The struggle has also entered the political sphere. This summer, debate surfaced around a parliamentary bill that could allow women to apply for motorcycle licenses—something long prohibited by law. And while the enforcement of hijab continues, government leaders have appeared in posters with unveiled “martyrs” from the recent war, raising speculation about whether parts of the state are seeking to recalibrate their stance.
Families of victims of the 2022 protests continue to bear the heaviest burdens. In Kurdistan, Mahsa Amini’s birthplace, heavy security has surrounded preparations for commemorations. Mothers and fathers of the slain are repeatedly detained, threatened, or silenced. The mother of Siawash Mahmoudi – a teenager killed amid the protests at the age of 16 – posted a solitary video from his grave where she placed a paper boat for Kian Pirfalak, another child killed in the protests. The father of Mehrshad Shahidi in Arak released footage of his son’s flower-covered grave, writing: “With all the restrictions, the voice of the people speaks louder through the flowers.”
Another mother, Kamelia Sajadian, who lost her son Mohammad Hossein Torkaman, wrote online: “Your name has become the password for our breathing; your name is the code to pass through the rough paths of justice-seeking.” Her words reflect a broader sentiment among grieving families who have transformed mourning into acts of resistance.
Executions tied to protest-related cases, such as those from the Ekbatan neighborhood case, continue to fuel anger. Recent reports also highlight new prison sentences for activists accused of “propaganda against the state.” Such punishments underscore how far the government is willing to go to suppress dissent, even as it simultaneously struggles to maintain enforcement of hijab in public spaces.
Yet the movement has also been dragged into broader conflicts in ways that many Iranians found deeply offensive. During the 12-day war in June, Israeli bombs were marked with “Woman, Life, Freedom” in Persian before being dropped on Iranian territory.
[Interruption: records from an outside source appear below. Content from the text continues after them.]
(* Let $X$ be a topological space, $\mathcal{D}$ the set of dense open subsets of $X$, and $\mathcal{D}'$ an admissible set of domains on $X$ with $\mathcal{D}'\subseteq\mathcal{D}$. Then the inclusion $\bigcup_{A\in\mathcal{D}'}\mathscr{C}(A)\to\bigcup_{A\in\mathcal{D}}\mathscr{C}(A)$, $f\mapsto f$, descends to a well-defined positive ring morphism $\check\iota\colon\mathscr{C}_\approx(\mathcal{D}')\to\mathscr{C}_\approx(\mathcal{D})=\mathscr{C}_{\mathrm{a.e.}}(X)$, and $\check\iota$ is an order embedding.
   Context: An admissible set of domains on $X$ is a set $\mathcal{E}$ of open subsets of $X$ with $X\in\mathcal{E}$ and $A\cap B\in\mathcal{E}$ for all $A,B\in\mathcal{E}$ (the dense open subsets form one). For such $\mathcal{E}$: on $\bigcup_{A\in\mathcal{E}}\mathscr{C}(A)$ ($\mathscr{C}(A)$ = continuous real functions on $A$) define $f+g$, $fg$ pointwise on $\operatorname{dom}f\cap\operatorname{dom}g$; $f\approx g$ iff $f|_A=g|_A$ for some $A\in\mathcal{E}$, $A\subseteq\operatorname{dom}f\cap\operatorname{dom}g$; $\mathscr{C}_\approx(\mathcal{E})$ is the quotient commutative ring, partially ordered by $[f]\le[g]$ iff $f|_A\le g|_A$ pointwise for some $A\in\mathcal{E}$, $A\subseteq\operatorname{dom}f\cap\operatorname{dom}g$. $\mathscr{C}_{\mathrm{a.e.}}(X)=\mathscr{C}_\approx(\mathcal{D})$ for $\mathcal{D}$ the dense open subsets. A ring morphism $\Phi\colon R\to S$ of partially ordered rings is positive if $\Phi(R^+)\subseteq S^+$, an order embedding if in addition $\Phi^{-1}(S^+)\subseteq R^+$. *)

From HB Require Import structures.
From mathcomp Require Import all_boot all_order all_algebra.
From mathcomp Require Import all_classical all_reals all_analysis.
Set Implicit Arguments. Unset Strict Implicit. Unset Printing Implicit Defensive.
Import Order.TTheory GRing.Theory Num.Theory numFieldNormedType.Exports.
Local Open Scope classical_set_scope.
Local Open Scope ring_scope.

(* A partial real function on X: a domain together with a value map.
   Values outside [dom_pdom] are irrelevant (all notions below only look at the
   function on subsets of its domain). *)
Record dom_pfun (X : Type) (R : Type) := dom_PFun { dom_pdom : set X ; dom_pval : X -> R }.

Section Defs.
Context {X : topologicalType} {R : realType}.

Definition dom_admissible (E : set (set X)) : Prop :=
  (forall A, E A -> open A) /\ E setT /\ (forall A B, E A -> E B -> E (A `&` B)).

Definition dom_dense_open : set (set X) := [set A | open A /\ dense A].

Definition dom_inC (E : set (set X)) (f : dom_pfun X R) : Prop :=
  E (dom_pdom f) /\ {within dom_pdom f, continuous (dom_pval f : X -> R)}.

Definition dom_padd (f g : dom_pfun X R) : dom_pfun X R :=
  dom_PFun (dom_pdom f `&` dom_pdom g) (fun x => dom_pval f x + dom_pval g x).
Definition dom_pmul (f g : dom_pfun X R) : dom_pfun X R :=
  dom_PFun (dom_pdom f `&` dom_pdom g) (fun x => dom_pval f x * dom_pval g x).
Definition dom_pzero : dom_pfun X R := dom_PFun setT (fun _ => 0).
Definition dom_pone : dom_pfun X R := dom_PFun setT (fun _ => 1).

Definition dom_approx (E : set (set X)) (f g : dom_pfun X R) : Prop :=
  exists A, E A /\ A `<=` dom_pdom f `&` dom_pdom g /\ forall x, A x -> dom_pval f x = dom_pval g x.

Definition dom_ple (E : set (set X)) (f g : dom_pfun X R) : Prop :=
  exists A, E A /\ A `<=` dom_pdom f `&` dom_pdom g /\ forall x, A x -> dom_pval f x <= dom_pval g x.

End Defs.

From mathcomp Require Import all_boot all_order all_algebra.
From mathcomp Require Import all_classical all_reals all_analysis.
Import Order.TTheory GRing.Theory Num.Theory numFieldNormedType.Exports.
Local Open Scope classical_set_scope.
Local Open Scope ring_scope.

(* Enlarging the set of domains can only make more functions equal or
   comparable, so the inclusion descends to the quotients and is a positive
   ring morphism.  It reflects positivity because a function continuous on an
   open set and nonnegative on a dense set is nonnegative on the whole open
   set: where it is negative is relatively open in an open set, hence open,
   and so would meet the dense set. *)

Section ContinuousDense.
Context {X : topologicalType} {R : realType}.

Lemma continuous_ge0_dense (A B : set X) (f : X -> R) :
  open A -> dense B -> {within A, continuous f} ->
  (forall x, B x -> 0 <= f x) -> forall x, A x -> 0 <= f x.
Proof.
move=> oA dB cf f_ge0 x Ax; rewrite leNgt; apply/negP => fx_lt0.
have Aox : A° x by move: oA => /interior_id ->.
have neg_near : nbhs x [set y | f y < 0].
  by rewrite (nbhs_subspace_interior Aox); exact: cvgr_lt (cf x) _ fx_lt0.
move: neg_near; rewrite nbhsE => -[U [oU Ux] Uneg].
have [y [Uy By]] := dB U (ex_intro _ x Ux) oU.
by move: (f_ge0 y By); rewrite leNgt Uneg.
Qed.

End ContinuousDense.

Section DomainInclusion.
Context {X : topologicalType} {R : realType}.
Implicit Types (E F : set (set X)) (f g : dom_pfun X R).

Lemma dom_inC_sub E F f : E `<=` F -> dom_inC E f -> dom_inC F f.
Proof. by move=> EF [Ef cf]; split => //; exact: EF. Qed.

Lemma dom_approx_sub E F f g : E `<=` F -> dom_approx E f g -> dom_approx F f g.
Proof. by move=> EF [A [EA fgA]]; exists A; split => //; exact: EF. Qed.

Lemma dom_ple_sub E F f g : E `<=` F -> dom_ple E f g -> dom_ple F f g.
Proof. by move=> EF [A [EA fgA]]; exists A; split => //; exact: EF. Qed.

Lemma dom_approx_refl E f : E (dom_pdom f) -> dom_approx E f f.
Proof. by move=> Ef; exists (dom_pdom f); split => // x. Qed.

Lemma dom_admissibleI E f g : dom_admissible E ->
  dom_inC E f -> dom_inC E g -> E (dom_pdom f `&` dom_pdom g).
Proof. by move=> [_ [_ EI]] [Ef _] [Eg _]; exact: EI. Qed.

Lemma dom_ple0_dense E f : (forall A, E A -> open A) -> dom_inC E f ->
  dom_ple dom_dense_open dom_pzero f -> dom_ple E dom_pzero f.
Proof.
move=> Eopen [Ef cf] [B [[_ dB] [_ f_ge0]]].
exists (dom_pdom f); split=> //; split=> [x fx //|].
exact: continuous_ge0_dense (Eopen _ Ef) dB cf f_ge0.
Qed.

End DomainInclusion.

Theorem proposition17 (X : topologicalType) (R : realType) (D' : set (set X)) :
  dom_admissible D' -> D' `<=` dom_dense_open ->
  [/\ (forall f : dom_pfun X R, dom_inC D' f -> dom_inC dom_dense_open f),
      (forall f g : dom_pfun X R, dom_inC D' f -> dom_inC D' g ->
          dom_approx D' f g -> dom_approx dom_dense_open f g),
      [/\ (forall f g : dom_pfun X R, dom_inC D' f -> dom_inC D' g ->
             dom_approx dom_dense_open (dom_padd f g) (dom_padd f g)),
          (forall f g : dom_pfun X R, dom_inC D' f -> dom_inC D' g ->
             dom_approx dom_dense_open (dom_pmul f g) (dom_pmul f g)) &
          dom_approx dom_dense_open (@dom_pone X R) (@dom_pone X R)],
      (forall f : dom_pfun X R, dom_inC D' f -> dom_ple D' dom_pzero f -> dom_ple dom_dense_open dom_pzero f) &
      (forall f : dom_pfun X R, dom_inC D' f -> dom_ple dom_dense_open dom_pzero f -> dom_ple D' dom_pzero f)].
Proof.
move=> D'adm D'D; have [D'open [D'T _]] := D'adm.
split=> [f|f g _ _||f _|f]; first exact: dom_inC_sub.
- exact: dom_approx_sub.
- split=> [f g Cf Cg|f g Cf Cg|]; apply: dom_approx_refl; apply: D'D;
    by [exact: dom_admissibleI D'adm Cf Cg|].
- exact: dom_ple_sub.
- exact: dom_ple0_dense.
Qed.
For countless Iranians, this was not solidarity but a cynical and manipulative act—the exploitation of a grassroots human rights movement to justify war and bloodshed. At a time when almost all major international human rights organizations and much of global public opinion are overwhelmed by the killing of Palestinians in Gaza and the West Bank, and while Israeli leaders stand accused of genocide and ethnic cleansing, the use of this slogan on bombs rang hollow and hypocritical. Many activists rejected the linkage, insisting that their children’s memory should not be instrumentalized for geopolitical ends. Many viewed this act as an insult to the dignity of the victims and a betrayal of the slogan’s true meaning—freedom and justice, not destruction and war.
As Iran enters the fourth year since Mahsa Amini’s death, the contradictions are stark. Women unveiled in the streets symbolize resilience and progress. Families of victims continue to demand accountability. Some policymakers cautiously propose reforms, while hardliners double down on institutional enforcement. The mandatory hijab remains the sharpest symbol of the gap between state and society.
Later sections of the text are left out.